What Great Things Conferences Bring: Global Black Girlhood and the Fellowship/Scholarship of Black Women
This past weekend, I had the opportunity to participate in the Global History of Black Girlhood Conference at the University of Virginia, organized by Cori Fields and LaKisha Simmons. My head is still buzzing with all of the ideas that swirled around the Harris Small Special Collections Library and Minor Hall (If you are in Charlottesville and have a chance, be sure to check out the Black girlhood exhibit at the Special Collections Library.) From advanced scholars to undergraduates at the beginning of their research lives, the conference highlighted the complexities of researching and writing about Black girlhood in a global context. The conference raised trenchant questions about the notion of globality of Black girlhood, the historical untethering of blackness from the concept of innocence and childhood, and the ways in which Black girls navigate damaging constructs to “be” girls in the manner and forms they chose. That keynote roundtable with Claudrena Harold (moderator), Janaé E. Bonsu, Beverley Ditsie, Phindile Kunene, Denise Oliver-Velez was Black Fire! @UVa.

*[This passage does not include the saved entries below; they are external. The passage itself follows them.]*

(* Let $X$ be a set, $T:X\to X$ a map, and $G$ a finite group acting on $X$ such that $g\circ T=T\circ g$ for all $g\in G$. Let $H\leqslant G$ and let $x\in X_{[H]}$ be a periodic point of $T$. Then there exists $k\in\Delta(N_G(H)/H)$ such that (i) $\mathfrak{O}_T(x)$ shortens in length by a factor of $\frac1k$, and (ii) $\mathfrak{O}_T(x)$ glues to $\frac{[G:H]}{k}$ orbits (including itself).
   Context: For $x\in X$, $\mathfrak{O}_T(x)=\{T^j(x):j\geqslant0\}$ and $\mathfrak{O}_G(x)=\{g(x):g\in G\}$. $G_x=\{g\in G:g(x)=x\}$ is the stabilizer of $x$; $N_G(H)=\{g\in G: gHg^{-1}=H\}$ is the normalizer; $[H]=\{gHg^{-1}:g\in G\}$ is the conjugacy class of $H$; $X_{[H]}=\{x\in X: G_x\in[H]\}$. For a finite group $K$, $\Delta(K)=\{|\langle h\rangle|: h\in K\}$ is the set of orders of elements of $K$. Let $X'=G\backslash X$, $\pi(x)=\mathfrak{O}_G(x)$, and $T'(\mathfrak{O}_G(x))=\mathfrak{O}_G(T(x))$ the induced map. ''$\mathfrak{O}_T(x)$ shortens in length by a factor of $\frac1k$'' means $|\mathfrak{O}_{T'}(\pi(x))|=\frac1k|\mathfrak{O}_T(x)|$. ''$\mathfrak{O}_T(x)$ glues to $m$ orbits (including itself)'' means there are exactly $m$ distinct closed $T$-orbits $\mathfrak{O}_T(y)$ with $\pi(\mathfrak{O}_T(y))=\pi(\mathfrak{O}_T(x))$. *)

From HB Require Import structures.
From mathcomp Require Import all_boot all_fingroup.
From mathcomp Require Import boolp.
Set Implicit Arguments. Unset Strict Implicit. Unset Printing Implicit Defensive.

(* Sets over an arbitrary type X are predicates X -> Prop; two sets are equal
   when equal as functions (extensional, via funext/propext). *)
Section Defs.
Variable X : Type.

Definition card_is (Y : Type) (A : Y -> Prop) (n : nat) : Prop :=
  exists f : 'I_n -> Y, injective f /\ (forall y, A y <-> exists i, f i = y).

Definition orbitT (T : X -> X) (x : X) : X -> Prop :=
  fun y => exists j : nat, y = iter j T x.

Definition periodic (T : X -> X) (x : X) : Prop :=
  exists n, 0 < n /\ iter n T x = x.

Variable gT : finGroupType.

Definition is_left_action (G : {set gT}) (act : gT -> X -> X) : Prop :=
  (forall x, act 1%g x = x) /\
  (forall g h x, g \in G -> h \in G -> act g (act h x) = act (g * h)%g x).

(* G-orbit O_G(x) = pi(x), a point of X' = G\X *)
Definition orbitG (G : {set gT}) (act : gT -> X -> X) (x : X) : X -> Prop :=
  fun y => exists2 g, g \in G & y = act g x.

Definition stab (G : {set gT}) (act : gT -> X -> X) (x : X) : {set gT} :=
  [set g in G | `[< act g x = x >]].

Definition in_XH (G H : {set gT}) (act : gT -> X -> X) (x : X) : Prop :=
  exists2 g, g \in G & stab G act x = (H :^ g)%g.

(* orbit of pi(x) under the induced map T' : O_{T'}(pi x) = {pi(T^j x)} *)
Definition orbitT' (G : {set gT}) (act : gT -> X -> X) (T : X -> X) (x : X)
  : (X -> Prop) -> Prop :=
  fun S => exists j : nat, S = orbitG G act (iter j T x).

Definition piset (G : {set gT}) (act : gT -> X -> X) (A : X -> Prop)
  : (X -> Prop) -> Prop :=
  fun S => exists2 y, A y & S = orbitG G act y.

Definition glued (G : {set gT}) (act : gT -> X -> X) (T : X -> X) (x : X)
  : (X -> Prop) -> Prop :=
  fun O => exists y, periodic T y /\ O = orbitT T y /\
     piset G act (orbitT T y) = piset G act (orbitT T x).

End Defs.

From HB Require Import structures.
From mathcomp Require Import all_boot all_fingroup.
From mathcomp Require Import cyclic boolp zify.

(* Since G commutes with T, "lying in the same G-orbit" is a T-invariant
   equivalence, so T^j x = x exactly when n | j (n the period of x) and T^j x
   lies in the G-orbit of x exactly when n' | j, with n' | n. Write
   T^n' x = a x with a in G; then a normalises the stabiliser S = G_x, and
   a^j x = T^(j n') x shows that aS has order k = n/n' in N_G(S)/S, which
   conjugation carries to N_G(H)/H. The T-orbits glued to O_T(x) are the
   O_T(b x), b in G, and O_T(b x) = O_T(c x) iff b^-1 c lies in K = <a>S,
   whose index in G is [G:S]/k = [G:H]/k. *)

Set Implicit Arguments.
Unset Strict Implicit.
Unset Printing Implicit Defensive.

Lemma eq_card_is (Y : Type) (A B : Y -> Prop) n :
  (forall y, A y <-> B y) -> card_is B n -> card_is A n.
Proof.
move=> AB [f [f_inj f_onto]]; exists f; split=> // y.
by split=> [/AB/f_onto | /f_onto/AB].
Qed.

Lemma card_is_mod_seq (Y : Type) (f : nat -> Y) n : 0 < n ->
  (forall i j, f i = f j <-> i = j %[mod n]) ->
  card_is (fun y => exists j, y = f j) n.
Proof.
move=> n_gt0 f_mod; exists (fun i : 'I_n => f i); split.
  by move=> i j /f_mod; rewrite !modn_small // => /val_inj.
move=> y; split=> [[j ->] | [i <-]]; last by exists i.
by exists (Ordinal (ltn_pmod j n_gt0)); apply/f_mod; rewrite /= modn_mod.
Qed.

Lemma card_is_lcoset_image (gT : finGroupType) (G K : {group gT})
    (Y : Type) (F : gT -> Y) :
  K \subset G -> {in G &, forall b c, F b = F c <-> (b^-1 * c)%g \in K} ->
  card_is (fun y => exists2 b, b \in G & y = F b) #|G : K|%g.
Proof.
move=> sKG F_K; rewrite -card_lcosets.
have reprP C : C \in lcosets K G -> repr C \in G /\ C = (repr C *: K)%g.
  case/lcosetsP=> b bG ->.
  have bK_repr : repr (b *: K)%g \in (b *: K)%g := mem_repr _ (lcoset_refl K b).
  split; last exact/esym/lcoset_eqP.
  by move: bK_repr; rewrite mem_lcoset => /(subsetP sKG)/(groupM bG); rewrite mulKVg.
exists (fun i => F (repr (enum_val i))); split.
  move=> i i' /F_K; have [rG Ei] := reprP _ (enum_valP i).
  have [r'G Ei'] := reprP _ (enum_valP i').
  move=> /(_ rG r'G); rewrite -mem_lcoset => /lcoset_eqP.
  by rewrite -Ei -Ei' => /esym/enum_val_inj.
move=> y; split=> [[b bG ->] | [i <-]]; last first.
  by exists (repr (enum_val i)); have [] := reprP _ (enum_valP i).
have bK : (b *: K)%g \in lcosets K G by apply/lcosetsP; exists b.
exists (enum_rank_in bK (b *: K)%g); rewrite enum_rankK_in //.
have [rG Kb] := reprP _ bK; apply/F_K => //.
by rewrite -mem_lcoset -Kb lcoset_refl.
Qed.

Lemma dvdn_ext m1 m2 : (forall j, (m1 %| j) = (m2 %| j)) -> m1 = m2.
Proof.
by move=> eq_dvd; apply/eqP; rewrite eqn_dvd eq_dvd dvdnn -eq_dvd dvdnn.
Qed.

Lemma order_coset_dvdn (gT : finGroupType) (H : {group gT}) y j :
  y \in 'N(H)%g -> (#[coset H y]%g %| j) = (y ^+ j \in H)%g.
Proof.
move=> yN; rewrite order_dvdn -morphX //.
by apply/eqP/idP => [/coset_idr | /coset_id] //; apply; rewrite groupX.
Qed.

Lemma order_coset_conj (gT : finGroupType) (H : {group gT}) g y :
  y \in 'N(H :^ g)%g -> #[coset (H :^ g) y]%g = #[coset H (y ^ g^-1)]%g.
Proof.
move=> yN; have yN' : (y ^ g^-1)%g \in 'N(H)%g by rewrite -mem_conjg -normJ.
apply: dvdn_ext => j.
by rewrite !order_coset_dvdn // mem_conjg conjXg.
Qed.

Lemma iter_period (Y : Type) (T : Y -> Y) y p m :
  iter p T y = y -> iter (m * p) T y = y.
Proof. by move=> per_p; elim: m => [//|m IHm]; rewrite mulSn iterD IHm per_p. Qed.

Lemma orbitT_iter (Y : Type) (T : Y -> Y) y j :
  periodic T y -> orbitT T (iter j T y) = orbitT T y.
Proof.
case=> p [p_gt0 per_p]; apply: funext => z; apply: propext.
split=> [[i ->] | [i ->]]; first by exists (i + j); rewrite iterD.
exists (i + j * p.-1).
by rewrite -iterD -addnA -mulnSr prednK // iterD iter_period.
Qed.

Section ReturnPeriod.

Variables (Y Z : Type) (T : Y -> Y) (f : Y -> Z).
Hypothesis f_T : forall y z, f y = f z -> f (T y) = f (T z).

Lemma f_iter j y z : f y = f z -> f (iter j T y) = f (iter j T z).
Proof. by move=> fyz; elim: j => //= j; apply: f_T. Qed.

Lemma exists_return_period x : periodic T x ->
  exists2 n, 0 < n &
    forall i j, f (iter i T x) = f (iter j T x) <-> i = j %[mod n].
Proof.
case=> p [p_gt0 per_p].
have has_return : exists j, `[< 0 < j /\ f (iter j T x) = f x >].
  by exists p; apply/asboolP; rewrite per_p.
case: (ex_minnP has_return) => n /asboolP [n_gt0 ret_n] n_min.
exists n => // i j.
have ret_mul m : f (iter (m * n) T x) = f x.
  by elim: m => [|m IHm]; rewrite ?mulSn ?iterD // (f_iter n IHm).
have ret_mod k : f (iter k T x) = f (iter (k %% n) T x).
  by rewrite {1}(divn_eq k n) addnC iterD; apply: f_iter.
split=> [f_ij | ij_mod]; last by rewrite ret_mod ij_mod -ret_mod.
have no_return k l : k < l < n -> f (iter k T x) <> f (iter l T x).
  case/andP=> lt_kl lt_ln f_kl.
  have le_np : n <= p by apply: n_min; apply/asboolP; rewrite per_p.
  suff : n <= l - k by lia.
  apply: n_min; apply/asboolP; split; first by rewrite subn_gt0.
  have := f_iter (p - k) f_kl; rewrite -!iterD subnK ?per_p; last by lia.
  by rewrite (_ : p - k + l = l - k + p) ?iterD ?per_p; last by lia.
rewrite ret_mod [f (iter j T x)]ret_mod in f_ij.
have [lt_ij | lt_ji | //] := ltngtP (i %% n) (j %% n); exfalso.
  by apply: (no_return _ _ _ f_ij); rewrite lt_ij ltn_pmod.
by apply: (no_return _ _ _ (esym f_ij)); rewrite lt_ji ltn_pmod.
Qed.

End ReturnPeriod.

Section Action.

Variables (X : Type) (T : X -> X) (gT : finGroupType) (G : {group gT}).
Variable act : gT -> X -> X.
Hypothesis act_left : is_left_action G act.
Hypothesis act_T : forall g y, g \in G -> act g (T y) = T (act g y).

Lemma act1 y : act 1%g y = y.
Proof. by case: act_left. Qed.

Lemma actM g h y : g \in G -> h \in G -> act g (act h y) = act (g * h)%g y.
Proof. by case: act_left => _; apply. Qed.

I also had the opportunity to reconnect with Paula Marie Seniors, who actually told me about the conference some months ago. Although Seniors did not present at the conference, I want to give her a shout-out because she is a dope scholar and an active booster of Black women’s work. We spent some time over a long breakfast on Sunday discussing our work, the academy, publishing, and so much more. Her book, Beyond Lift Every Voice and Sing: The Culture of Uplift, Identity, and Politics in Black Musical Theater. Beyond Lift Every Voice, is for me, an important work on the construction of a Black theater tradition. It’s helping me to think through my own work on performances of “Lift Every Voice and Sing”; and it is giving me a great foundation to understand the work of James Weldon Johnson, J. Rosamond Johnson, and Bob Cole, alongside Shana Redmond’s Anthem, and the much-anticipated cultural history of “Lift Every Voice and Sing” by Imani Perry (I. Cannot. Wait.)

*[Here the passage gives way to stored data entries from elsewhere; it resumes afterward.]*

(* Let $\odot$ be a non-degenerate pseudo-multiplication and let $\tau$ be a $\sigma$-maxitive measure on a $\sigma$-algebra $\mathcal{B}$ on a nonempty set $E$ having the Radon–Nikodym property with respect to the idempotent $\odot$-integral. Then $\tau$ is semi-$\odot$-finite, i.e. for every $B\in\mathcal{B}$, $$\tau(B)=\sup\{\tau(A):A\in\mathcal{B},\ A\subset B,\ \tau(A)\text{ is }\odot\text{-finite}\}.$$
   Context: Write $\overline{\mathbb{R}}_+=[0,\infty]$. A pseudo-multiplication is a binary operation $\odot$ on $\overline{\mathbb{R}}_+$ with the following properties: - it is associative; - it is continuous on $(0,\infty)\times[0,\infty]$; - for every $t$, the map $s\mapsto s\odot t$ is continuous on $(0,\infty]$; - it is nondecreasing in each argument; - it has a left identity $1_\odot$, i.e. $1_\odot\odot t=t$ for all $t$; - it has no zero divisors, i.e. $s\odot t=0$ implies $s=0$ or $t=0$; - $0\odot t=t\odot 0=0$ for all $t$. Put $O(t)=\inf_{s>0}s\odot t$. An element $t$ is $\odot$-finite if $O(t)=0$, and $\odot$-infinite otherwise. The operation $\odot$ is non-degenerate if $1_\odot$ is $\odot$-finite. A $\sigma$-maxitive measure on $\mathcal{B}$ is a map $\nu:\mathcal{B}\to\overline{\mathbb{R}}_+$ with $\nu(\emptyset)=0$ and $\nu(\bigcup_j B_j)=\sup_j\nu(B_j)$ for every countable family. A map $f:E\to\overline{\mathbb{R}}_+$ is $\mathcal{B}$-measurable if $\{f>t\}\in\mathcal{B}$ for all $t\in[0,\infty)$. The idempotent $\odot$-integral is $\int^\infty_B f\odot d\tau=\sup_{t\in[0,\infty)}t\odot\tau(B\cap\{f>t\})$. $\nu\ll_\odot\tau$ means $\nu(B)\le\infty\odot\tau(B)$ for every $B\in\mathcal{B}$ with $\tau(B)$ $\odot$-finite. $\tau$ has the Radon–Nikodym property if every $\sigma$-maxitive $\nu\ll_\odot\tau$ admits a $\mathcal{B}$-measurable $c:E\to\overline{\mathbb{R}}_+$ with $\nu(B)=\int^\infty_B c\odot d\tau$ for all $B\in\mathcal{B}$. *)

From Stdlib Require Import Reals.
Open Scope R_scope.

Record nnR := mknn { nnval : R; nnpos : 0 <= nnval }.

Inductive ER := Fin (x : nnR) | Inf.

Definition ERzero : ER := Fin (mknn 0 (Rle_refl 0)).

Definition ERle (x y : ER) : Prop :=
  match x, y with
  | Fin a, Fin b => nnval a <= nnval b
  | _, Inf => True
  | Inf, Fin _ => False
  end.

Definition ERlt (x y : ER) : Prop :=
  match x, y with
  | Fin a, Fin b => nnval a < nnval b
  | Fin _, Inf => True
  | Inf, _ => False
  end.

Definition is_sup (S : ER -> Prop) (s : ER) : Prop :=
  (forall x, S x -> ERle x s) /\
  (forall u, (forall x, S x -> ERle x u) -> ERle s u).

Definition is_inf (S : ER -> Prop) (s : ER) : Prop :=
  (forall x, S x -> ERle s x) /\
  (forall u, (forall x, S x -> ERle u x) -> ERle u s).

(** The order topology on [0,oo] is metrized by d(x,y) = |phi x - phi y|
    with the order isomorphism phi : [0,oo] -> [0,1], x |-> x/(1+x), oo |-> 1. *)
Definition ERphi (x : ER) : R :=
  match x with
  | Fin a => nnval a / (1 + nnval a)
  | Inf => 1
  end.

Definition ERdist (x y : ER) : R := Rabs (ERphi x - ERphi y).

Definition is_pseudo_mult (op : ER -> ER -> ER) (one : ER) : Prop :=
  (forall s t u, op (op s t) u = op s (op t u)) /\
  (forall s0 : nnR, forall t0 : ER, 0 < nnval s0 ->
     forall eps, 0 < eps -> exists delta, 0 < delta /\
       forall (s : nnR) (t : ER), 0 < nnval s ->
         ERdist (Fin s) (Fin s0) < delta -> ERdist t t0 < delta ->
         ERdist (op (Fin s) t) (op (Fin s0) t0) < eps) /\
  (forall t s0, ERlt ERzero s0 ->
     forall eps, 0 < eps -> exists delta, 0 < delta /\
       forall s, ERlt ERzero s -> ERdist s s0 < delta ->
         ERdist (op s t) (op s0 t) < eps) /\
  (forall s s' t, ERle s s' -> ERle (op s t) (op s' t)) /\
  (forall s t t', ERle t t' -> ERle (op s t) (op s t')) /\
  (forall t, op one t = t) /\
  (forall s t, op s t = ERzero -> s = ERzero \/ t = ERzero) /\
  (forall t, op ERzero t = ERzero /\ op t ERzero = ERzero).

Definition odot_finite (op : ER -> ER -> ER) (t : ER) : Prop :=
  is_inf (fun x => exists s, ERlt ERzero s /\ x = op s t) ERzero.

Definition non_degenerate (op : ER -> ER -> ER) (one : ER) : Prop :=
  odot_finite op one.

Definition is_sigma_algebra {E : Type} (B : (E -> Prop) -> Prop) : Prop :=
  B (fun _ => False) /\
  (forall A, B A -> B (fun x => ~ A x)) /\
  (forall F : nat -> (E -> Prop), (forall n, B (F n)) ->
     B (fun x => exists n, F n x)).

Definition sigma_maxitive {E : Type} (B : (E -> Prop) -> Prop)
    (nu : (E -> Prop) -> ER) : Prop :=
  nu (fun _ => False) = ERzero /\
  (forall F : nat -> (E -> Prop), (forall n, B (F n)) ->
     is_sup (fun y => exists n, y = nu (F n)) (nu (fun x => exists n, F n x))).

Definition measurable {E : Type} (B : (E -> Prop) -> Prop) (f : E -> ER) : Prop :=
  forall t : nnR, B (fun x => ERlt (Fin t) (f x)).

Definition idem_integral {E : Type} (op : ER -> ER -> ER)
    (tau : (E -> Prop) -> ER) (A : E -> Prop) (f : E -> ER) (v : ER) : Prop :=
  is_sup (fun y => exists t : nnR,
            y = op (Fin t) (tau (fun x => A x /\ ERlt (Fin t) (f x)))) v.

Definition abs_cont {E : Type} (op : ER -> ER -> ER) (B : (E -> Prop) -> Prop)
    (nu tau : (E -> Prop) -> ER) : Prop :=
  forall A, B A -> odot_finite op (tau A) -> ERle (nu A) (op Inf (tau A)).

Definition radon_nikodym_property {E : Type} (op : ER -> ER -> ER)
    (B : (E -> Prop) -> Prop) (tau : (E -> Prop) -> ER) : Prop :=
  forall nu, sigma_maxitive B nu -> abs_cont op B nu tau ->
    exists c : E -> ER, measurable B c /\
      forall A, B A -> idem_integral op tau A c (nu A).

Definition semi_odot_finite {E : Type} (op : ER -> ER -> ER)
    (B : (E -> Prop) -> Prop) (tau : (E -> Prop) -> ER) : Prop :=
  forall A, B A ->
    is_sup (fun y => exists A', B A' /\ (forall x, A' x -> A x) /\
                                odot_finite op (tau A') /\ y = tau A') (tau A).

(** Let [tau] be a sigma-maxitive measure with the Radon–Nikodym property for
    the idempotent (.)-integral, [A] a measurable set and [U] an upper bound of
    the values [tau A'] over the measurable [A' ⊆ A] with (.)-finite [tau A'].
    If [tau A] were not below [U], consider the two-valued "threshold measure"
      [nu P = 0] if [tau (P ∩ A) <= U],   [nu P = 1] otherwise.
    It is sigma-maxitive (the sublevel set [{x <= U}] is closed under suprema)
    and absolutely continuous w.r.t. [tau] (a (.)-finite [tau P] forces
    [tau (P ∩ A) <= U]).  Let [c] be its density.  Since [nu A = 1 <> 0], some
    level set [P = A ∩ {c > t}] has [t (.) tau P <> 0] and [t (.) tau P <= nu P
    <= 1]; by associativity and non-degeneracy this bound makes [tau P]
    (.)-finite, hence [nu P = 0], contradicting [t (.) tau P <> 0]. *)

From Stdlib Require Import Reals.
From Stdlib Require Import Classical ClassicalEpsilon FunctionalExtensionality
  PropExtensionality ProofIrrelevance Lra.

Lemma nn_eq (a b : nnR) : nnval a = nnval b -> a = b.
Proof.
  destruct a as [a pa], b as [b pb]; simpl; intros ->.
  f_equal; apply proof_irrelevance.
Qed.

Lemma ERle_refl (x : ER) : ERle x x.
Proof. destruct x; simpl; auto; lra. Qed.

Lemma ERle_trans (x y z : ER) : ERle x y -> ERle y z -> ERle x z.
Proof. destruct x, y, z; simpl; auto; try lra; tauto. Qed.

Lemma ERle_zero (x : ER) : ERle ERzero x.
Proof. destruct x as [[b pb]|]; simpl; auto. Qed.

Lemma ERle_zero_eq (x : ER) : ERle x ERzero -> x = ERzero.
Proof.
  destruct x as [[b pb]|]; simpl; [|tauto]. intros H.
  unfold ERzero; f_equal; apply nn_eq; simpl; lra.
Qed.

Lemma ERlt_zero (x : ER) : x <> ERzero -> ERlt ERzero x.
Proof.
  destruct x as [[b pb]|]; simpl; auto. intros H.
  destruct (Rle_lt_or_eq_dec 0 b pb) as [h|h]; auto.
  exfalso; apply H; unfold ERzero; f_equal; apply nn_eq; simpl; auto.
Qed.

Lemma is_sup_nonzero (S : ER -> Prop) (v : ER) :
  is_sup S v -> v <> ERzero -> exists x, S x /\ x <> ERzero.
Proof.
  intros [_ Hleast] Hv. apply NNPP; intros Hnone. apply Hv.
  apply ERle_zero_eq, Hleast. intros x Hx.
  destruct (classic (x = ERzero)) as [-> | Hx0]; [apply ERle_refl|].
  exfalso; eauto.
Qed.

Lemma pred_ext {E : Type} (P Q : E -> Prop) : (forall x, P x <-> Q x) -> P = Q.
Proof.
  intros H; apply functional_extensionality; intros x.
  apply propositional_extensionality; auto.
Qed.

Definition two_sets {E : Type} (P Q : E -> Prop) (n : nat) : E -> Prop :=
  match n with 0 => P | _ => Q end.

Lemma sigma_algebra_inter {E : Type} (B : (E -> Prop) -> Prop) :
  is_sigma_algebra B -> forall P Q, B P -> B Q -> B (fun x => P x /\ Q x).
Proof.
  intros [_ [Hcompl Hunion]] P Q HP HQ.
  set (F := two_sets (fun x => ~ P x) (fun x => ~ Q x)).
  assert (HF : forall n, B (F n)) by (intros [|n]; simpl; auto).
  (* P ∩ Q is the complement of (¬P) ∪ (¬Q) *)
  replace (fun x => P x /\ Q x) with (fun x => ~ exists n, F n x)
    by (apply pred_ext; intros x; split;
        [ intros H; split; apply NNPP; intros H'; apply H;
          [exists 0%nat | exists 1%nat]; exact H'
        | intros [h1 h2] [[|n] Hn]; simpl in Hn; auto ]).
  apply Hcompl, Hunion, HF.
Qed.

(** Maxitivity on the pair [P ⊆ Q] gives monotonicity. *)
Lemma sigma_maxitive_mono {E : Type} (B : (E -> Prop) -> Prop)
    (tau : (E -> Prop) -> ER) :
  sigma_maxitive B tau -> forall P Q, B P -> B Q -> (forall x, P x -> Q x) ->
  ERle (tau P) (tau Q).
Proof.
  intros [_ Hmax] P Q HP HQ HPQ.
  assert (HF : forall n, B (two_sets P Q n)) by (intros [|n]; simpl; auto).
  destruct (Hmax _ HF) as [Hub _].
  replace (fun x => exists n, two_sets P Q n x) with Q in Hub
    by (apply pred_ext; intros x; split;
        [ intros h; exists 1%nat; exact h
        | intros [[|n] h]; simpl in h; auto ]).
  apply Hub. exists 0%nat; reflexivity.
Qed.

(** A left identity is nonzero: [0 = 1] would give [oo = 1 (.) oo = 0]. *)
Lemma left_identity_neq_zero (op : ER -> ER -> ER) (one : ER)
    (Hid : forall t, op one t = t) (Habs : forall t, op ERzero t = ERzero) :
  one <> ERzero.
Proof. intros h. pose proof (Hid Inf) as h1. rewrite h, Habs in h1. discriminate. Qed.

Lemma odot_finite_le (op : ER -> ER -> ER)
    (Hmono : forall s t t', ERle t t' -> ERle (op s t) (op s t')) (x y : ER) :
  ERle y x -> odot_finite op x -> odot_finite op y.
Proof.
  intros Hyx [_ Hx]. split; [intros; apply ERle_zero|].
  intros L HL. apply Hx. intros z [s [hs ->]].
  apply ERle_trans with (op s y); [apply HL; eauto | apply Hmono; auto].
Qed.

(** If [a (.) x <= 1] for some [a > 0], then [x] is (.)-finite: indeed
    [s (.) x <= (s (.) a) (.) x = s (.) (a (.) x) <= s (.) 1], and
    [s (.) a > 0] ranges over arbitrarily small factors of [1]. *)
Lemma odot_finite_of_bounded (op : ER -> ER -> ER) (one : ER)
    (Hassoc : forall s t u, op (op s t) u = op s (op t u))
    (Hmono : forall s t t', ERle t t' -> ERle (op s t) (op s t'))
    (Hzd : forall s t, op s t = ERzero -> s = ERzero \/ t = ERzero)
    (Hnd : non_degenerate op one) (a x : ER) :
  ERlt ERzero a -> ERle (op a x) one -> odot_finite op x.
Proof.
  intros Ha Hax. split; [intros; apply ERle_zero|].
  intros L HL. apply (proj2 Hnd). intros z [s [hs ->]].
  apply ERle_trans with (op (op s a) x).
  - apply HL. exists (op s a); split; auto.
    apply ERlt_zero; intros h. destruct (Hzd _ _ h) as [-> | ->];
      simpl in *; lra.
  - rewrite Hassoc. apply Hmono; auto.
Qed.

Section ThresholdMeasure.

Variables (E : Type) (B : (E -> Prop) -> Prop) (tau : (E -> Prop) -> ER).
Hypothesis HB : is_sigma_algebra B.
Hypothesis Htau : sigma_maxitive B tau.

Definition cut (U a x : ER) : ER :=
  if excluded_middle_informative (ERle x U) then ERzero else a.

(** The sublevel set [{x <= U}] is closed under suprema, so [cut U a]
    commutes with countable suprema. *)
Lemma cut_sup (U a : ER) (x : nat -> ER) (v : ER) :
  is_sup (fun y => exists n, y = x n) v ->
  is_sup (fun y => exists n, y = cut U a (x n)) (cut U a v).
Proof.
  intros [Hub Hleast]. unfold cut at 2.
  destruct excluded_middle_informative as [HvU | HvU].
  - split; [| intros; apply ERle_zero].
    intros y [n ->]. unfold cut.
    destruct excluded_middle_informative as [_ | HxU]; [apply ERle_refl|].
    exfalso; apply HxU, ERle_trans with v; eauto.
  - (* some [x n] lies above [U], so [a] is attained *)
    assert (Habove : exists n, ~ ERle (x n) U).
    { apply NNPP; intros Hn. apply HvU, Hleast.
      intros y [n ->]. apply NNPP; eauto. }
    destruct Habove as [n Hn]. split.
    + intros y [m ->]. unfold cut.
      destruct excluded_middle_informative; [apply ERle_zero | apply ERle_refl].
    + intros u Hu. specialize (Hu _ (ex_intro _ n eq_refl)).
      unfold cut in Hu. destruct excluded_middle_informative; tauto.
Qed.

Definition threshold_measure (A : E -> Prop) (U a : ER) (P : E -> Prop) : ER :=
  cut U a (tau (fun x => P x /\ A x)).

Lemma threshold_measure_sigma_maxitive (A : E -> Prop) (U a : ER) :
  B A -> sigma_maxitive B (threshold_measure A U a).
Proof.
  intros HA. unfold threshold_measure. split.
  - replace (fun x : E => False /\ A x) with (fun _ : E => False)
      by (apply pred_ext; tauto).
    rewrite (proj1 Htau). unfold cut.
    destruct excluded_middle_informative as [_ | h]; auto.
    exfalso; apply h, ERle_zero.
  - intros F HF. apply cut_sup.
    replace (fun x => (exists n, F n x) /\ A x)
      with (fun x => exists n, F n x /\ A x)
      by (apply pred_ext; intros x; firstorder).
    apply (proj2 Htau). intros n. apply sigma_algebra_inter; auto.
Qed.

Seniors’s work is quite far-ranging, but is also centered around Black women and activism in various forms; I found her essay, “Mae Mallory and ‘The Southern Belle Fantasy Trope’ at the Cuyahoga County Jail, 21st and Payne/“Pain” in From Uncle Tom’s Cabin to The Help: Critical Perspectives on White-Authored Narratives of Black Life, which alerts to us to important aspects of Black women’s protest work that frequently do not get revealed. I am looking forward to her forthcoming book on Mae Mallory: African American Women Radical Activists (1958-1987): Mae Mallory, the Monroe Defense Committee, and World Revolutions.
As we discussed this piece of history on Sunday over breakfast, I became quite excited to see the full picture painted.